In the last several issues of this Bulletin, forecasts of Canadian temperature and precipitation using the multivariate statistical technique of canonical correlation analysis (CCA) were presented. For Canada, predictive relationships between evolving large scale patterns of quasi-global sea surface temperature, Northern Hemisphere 500 mb, and the subsequent Canadian surface temperature and precipitation have been developed. Here, we present the forecasts for Dec-Jan-Feb 1999 using the predictor fields through May 1998. This is a 9-month lead forecast. More details about the Canadian CCA-based seasonal climate prediction can be found in Shabbar (1996a, 1996b) and Shabbar and Barnston (1996).

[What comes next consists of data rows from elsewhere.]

Lemma cl_in_diag_blocks (I O K : finType) (proj : I -> K) (L : op R I -> op R O) :
  linmap L -> cl_in proj L -> forall rho o o',
  L rho o o' = \sum_(y : K) L (fun p q => (proj p == y)%:R * (proj q == y)%:R * rho p q) o o'.
Proof.
move=> linL clL rho o o'.
pose blk y y' := fun p q => (proj p == y)%:R * (proj q == y')%:R * rho p q.
transitivity (L (fun p q => \sum_(y : K) \sum_(y' : K) blk y y' p q) o o').
  apply: opmap_ext => p q; rewrite /blk.
  under eq_bigr => y _ do under eq_bigr => y' _ do rewrite -mulrA.
  by under eq_bigr => y _ do rewrite -mulr_sumr sum_deltal; rewrite sum_deltal.
rewrite linmap_sum //; apply: eq_bigr => y _.
rewrite linmap_sum // (bigD1 y) //= big1 ?addr0 // => y' ny.
apply: (clL y y'); first by rewrite eq_sym.
move=> p q; rewrite /blk; have [->|] := eqVneq (proj p) y; last by rewrite !mul0r eqxx.
by have [->|] := eqVneq (proj q) y'; last by rewrite mulr0 mul0r eqxx.
Qed.

Lemma red_trace_alice (n : nat) (T U : finType) (M : op R (T * {ffun 'I_n -> U})%type) o o' :
  red false setT M o o' = \sum_(a : T) M (a, o.2) (a, o'.2).
Proof.
have mixT (v w : T * {ffun 'I_n -> U}) : mix false setT v w = (w.1, v.2).
  by congr (_, _); apply/ffunP => k; rewrite ffunE in_setT.
transitivity (\sum_(w | xpredT w.1 && (w.2 == o.2)) M (w.1, o.2) (w.1, o'.2)).
  apply: eq_big => [w|w _]; last by rewrite !mixT.
  apply/forallP/eqP => [wo|-> k]; last by rewrite in_setT eqxx.
  by apply/ffunP => k; move: (wo k); rewrite in_setT => /eqP.
rewrite -(pair_big_dep xpredT (fun _ g => g == o.2) (fun a _ => M (a, o.2) (a, o'.2))).
by apply: eq_bigr => a _; rewrite big_pred1_eq.
Qed.

Lemma upd_eq (n : nat) (U : finType) (g : {ffun 'I_n -> U}) k b b' :
  g k = b -> (g == upd g k b') = (b == b').
Proof.
move=> gk; apply/eqP/eqP => [/ffunP/(_ k)|<-]; first by rewrite ffunE eqxx gk.
by apply/ffunP => j; rewrite ffunE; case: eqP => // ->.
Qed.

(** * Positive semidefinite operators *)

Lemma psd_ext (T : finType) (M N : op R T) : M =2 N -> psd M -> psd N.
Proof. by move=> /op_ext ->. Qed.

Lemma sum_fibers (A B : finType) (h : A -> B) (G : A -> B -> C) :
  \sum_(s : B) \sum_(p : A | h p == s) G p s = \sum_(p : A) G p (h p).
Proof.
rewrite (exchange_big_dep xpredT) //=; apply: eq_bigr => p _.
by rewrite (big_pred1 (h p)) // => s; rewrite eq_sym.
Qed.

Lemma psd_pullback (T U : finType) (M : op R T) (h : U -> T) (c : U -> C) :
  psd M -> psd (fun p q => (c p)^* * M (h p) (h q) * c q).
Proof.
move=> psdM v; set w := fun s => \sum_(p : U | h p == s) c p * v p.
have := psdM w; congr (0 <= _).
have fibers s t : (w s)^* * M s t * w t =
    \sum_(p | h p == s) \sum_(q | h q == t) (c p * v p)^* * M s t * (c q * v q).
  rewrite /w rmorph_sum !mulr_suml; apply: eq_bigr => p _; exact: mulr_sumr.
under eq_bigr => s _ do under eq_bigr => t _ do rewrite fibers.
under eq_bigr => s _ do rewrite exchange_big /=.
rewrite (sum_fibers h (fun p s => \sum_t \sum_(q | h q == t) _)).
apply: eq_bigr => p _; rewrite (sum_fibers h (fun q t => _ * M (h p) t * _)).
by apply: eq_bigr => q _; rewrite rmorphM /=; ring.
Qed.

Lemma psd_sum (T J : finType) (M : J -> op R T) :
  (forall j, psd (M j)) -> psd (fun p q => \sum_(j : J) M j p q).
Proof.
move=> psdM v; under eq_bigr => s _ do under eq_bigr => t _ do
  rewrite mulr_sumr mulr_suml.
under eq_bigr => s _ do rewrite exchange_big /=.
by rewrite exchange_big /=; apply: sumr_ge0 => j _; exact: psdM.
Qed.

Lemma psd_scale (T : finType) (M : op R T) (a : C) :
  0 <= a -> psd M -> psd (fun p q => a * M p q).
Proof.
move=> a_ge0 psdM v /=.
have e s t : (v s)^* * (a * M s t) * v t = a * ((v s)^* * M s t * v t) by ring.
under eq_bigr => s _ do under eq_bigr => t _ do rewrite e.
under eq_bigr => s _ do rewrite -mulr_sumr.
by rewrite -mulr_sumr mulr_ge0 //; exact: psdM.
Qed.

Lemma psd_rank1 (T : finType) (c : T -> C) : psd (fun p q => (c p)^* * c q).
Proof.
move=> v /=; have e s t : (v s)^* * ((c s)^* * c t) * v t = (c s * v s)^* * (c t * v t).
  by rewrite rmorphM /=; ring.
under eq_bigr => s _ do under eq_bigr => t _ do rewrite e.
under eq_bigr => s _ do rewrite -mulr_sumr.
by rewrite -mulr_suml -rmorph_sum mulrC mul_conjC_ge0.
Qed.

Lemma psd_diag_ge0 (T : finType) (M : op R T) a : psd M -> 0 <= M a a.
Proof.
move=> psdM; have := psdM (fun s => (s == a)%:R); congr (0 <= _).
under eq_bigr => s _ do under eq_bigr => t _ do rewrite conjC_nat mulrC.
by under eq_bigr => s _ do rewrite sum_deltar; rewrite sum_deltar.
Qed.

Lemma psd_offdiag_form (T : finType) (M : op R T) a b :
  psd M -> a != b -> M a a = 0 -> M b b = 0 ->
  forall t : C, 0 <= t^* * M b a + t * M a b.
Proof.
move=> psdM nab Maa Mbb t; pose v s := (s == a)%:R + t * (s == b)%:R.
have v0 s : s != a -> s != b -> v s = 0.
  by rewrite /v => /negPf -> /negPf ->; rewrite mulr0 addr0.
have [va vb] : v a = 1 /\ v b = t.
  by rewrite /v !eqxx (negPf nab) eq_sym (negPf nab) mulr0 mulr1 addr0 add0r.
have sum2 (F : T -> C) : (forall s, s != a -> s != b -> F s = 0) ->
    \sum_s F s = F a + F b.
  move=> F0; rewrite (bigD1 a) //= (bigD1 b) 1?eq_sym //= big1 ?addr0 ?addrA //.
  by move=> s /andP[sb sa]; apply: F0.
have := psdM v; congr (0 <= _).
rewrite sum2 => [|s sa sb]; last by rewrite big1 // => u _; rewrite (v0 s) // rmorph0 !mul0r.
rewrite !sum2 => [|s sa sb|s sa sb]; try by rewrite (v0 s) // mulr0.
by rewrite va vb Maa Mbb rmorph1; ring.
Qed.

Lemma psd_offdiag0 (T : finType) (M : op R T) a b :
  psd M -> M a a = 0 -> M b b = 0 -> M a b = 0.
Proof.
move=> psdM Maa Mbb; have [-> //|nab] := eqVneq a b.
have form := psd_offdiag_form psdM nab Maa Mbb.
have eq0_ge0_le0 (z : C) : 0 <= z -> 0 <= - z -> z = 0.
  by move=> z_ge0 z_le0; apply/eqP; rewrite eq_le z_ge0 andbT -oppr_ge0.
have sym : M b a + M a b = 0.
  apply: eq0_ge0_le0; first by have := form 1; rewrite rmorph1 !mul1r.
  have -> : - (M b a + M a b) = (-1)^* * M b a + (-1) * M a b.
    by rewrite rmorphN rmorph1; ring.
  exact: form.
pose j : C := 'i; have conjj : j^* = - j by rewrite conjCi.
have skew : j * (M a b - M b a) = 0.
  apply: eq0_ge0_le0.
    have -> : j * (M a b - M b a) = j^* * M b a + j * M a b by rewrite conjj; ring.
    exact: form.
  have -> : - (j * (M a b - M b a)) = j^*^* * M b a + j^* * M a b.
    by rewrite conjCK conjj; ring.
  exact: form.
move/eqP: skew; rewrite mulf_eq0 (negbTE (neq0Ci _ : j != 0)) subr_eq0 => /eqP eab.
have /eqP : M a b *+ 2 = 0 by rewrite mulr2n {1}eab.
by rewrite mulrn_eq0 => /eqP.
Qed.

Lemma cp_psd (I O : finType) (L : op R I -> op R O) :
  cp L -> forall x, psd x -> psd (L x).
Proof.
move=> cpL x psdx.
have psd1 : psd (fun p q : 'I_1 * I => x p.2 q.2).
  by apply: psd_ext (psd_pullback snd (fun _ => 1) psdx) => p q; rewrite rmorph1 mul1r mulr1.
apply: psd_ext (psd_pullback (fun o => (ord0, o)) (fun _ => 1) (cpL 1%N _ psd1)) => p q.
by rewrite rmorph1 mul1r mulr1.
Qed.

Lemma ketbra_density (T : finType) (y : T) : density (ketbra y y).
Proof.
split; first by apply: psd_ext (psd_rank1 (fun p => ((p == y)%:R : C))) => p q; rewrite conjC_nat.
by rewrite /mtrace /ketbra sum_deltar eqxx.
Qed.

End Operators.
Arguments ketbra {R T} y y'.
Arguments ketbra_density {R T} y.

Figure 1 shows the CCA-based temperature forecast for the Dec-Jan-Feb 1999 period expressed as a standardized anomaly. Table 1 shows the value of the standard deviation in ^oC at selected stations. The field of cross-validated historical skill (correlation) for the Dec-Jan-Feb forecast time period at this lead is shown in Fig. 2. The forecast has a modest expected skill - a mean national score of 0.25. The field significance is 0.016, which surpasses the traditional 0.05 rejection cutoff. Field significance reflects the probability of randomly obtaining an overall map skill equal to or higher than that which actually occurred. It is evaluated using a Monte Carlo procedure in which the forecast versus observation correspondences are shuffled randomly 1000 times. The skill of the temperature forecast is highest in winter even at the 9-month lead time. Local skill is highest from southern prairies through central and northern Ontario into central Quebec, and over extreme northwestern Arctic Islands. A large area of central and eastern Canada from Saskatchewan to Atlantic Canada is expected to have negative temperature anomaly; positive temperature anomalies are forecast over northwestern Canada, whereas Alberta and British Columbia are expected to have near normal temperatures.

Figure 3 shows the CCA-based precipitation forecast for the Dec-Jan-Feb 1999 period, expressed as a standardized anomaly. Table 1 shows the value of the standard deviation (in millimeters) at a selected few stations. The spatial field of cross-validated historical skill (correlation) for this lead and time period is shown in Fig. 4. The forecast has a rather modest expected skill: a mean national score of 0.18 and a field significance of 0.025. Local skill is low throughout most of Canada except over southern prairies and northwestern Arctic Islands. Areas north of the upper Great Lakes are expected to have above normal precipitation, and this is in keeping with the expectation of La Niña conditions.

Both atmospheric and oceanic indices have been showing rapidly decaying stages of the warm phase of ENSO for several weeks now. Most of the statistical and dynamical models are predicting the warm ENSO episode which just ended to switch to a cold phase of ENSO by the winter of 1998-99. The Dec-Jan-Feb 1998-99 forecast recognizes the emergence of the La Niña episode and its influence on the Canadian climate over the forecast period.

References:

Shabbar, A., 1996a: Seasonal prediction of Canadian surface temperature and precipitation by canonical correlation analysis. Proceedings of the 20th Annual Climate Diagnostic Workshop, Seattle, Washington, Oct. 23-27, 1995, 421-424. 

Shabbar, A., 1996b: Seasonal forecast of Canadian surface temperature by canonical correlation analysis. 13th Conference on Probability and Statistics in Atmospheric Sciences. American Meteorological Society, San Francisco, California, Feb. 21-23, 339-342.

Shabbar, A. and A. G. Barnston, 1996: Skill of seasonal climate forecasts in Canada using canonical correlation analysis. Mon. Wea. Rev., 124, 2370-2385.

Figure Captions: 

Fig. 1. CCA-based temperature forecast for the 3 month mean period of Dec-Jan-Feb 1999. Forecasts are represented as standardized anomalies.

Fig. 2. Geographical distribution of cross-validated historical skill for the forecast shown in Fig. 1, calculated as temporal correlation coefficient between forecasts and observations. Areas having forecast skill of 0.30 or higher are considered to have utility. The mean score over 51 stations is 0.25. Field significance is 0.016.

Fig. 3. CCA-based precipitation forecast for the 3 month mean period of Dec-Jan-Feb 1999. Forecasts are represented as standardized anomalies.

Fig. 4. Geographical distribution of cross-validated historical skill for the forecast shown in Fig. 1, calculated as temporal correlation coefficient between forecasts and observations. Areas having forecast skill of 0.30 or higher are considered to have utility. The mean score over 69 stations is 0.18. Field significance is 0.025.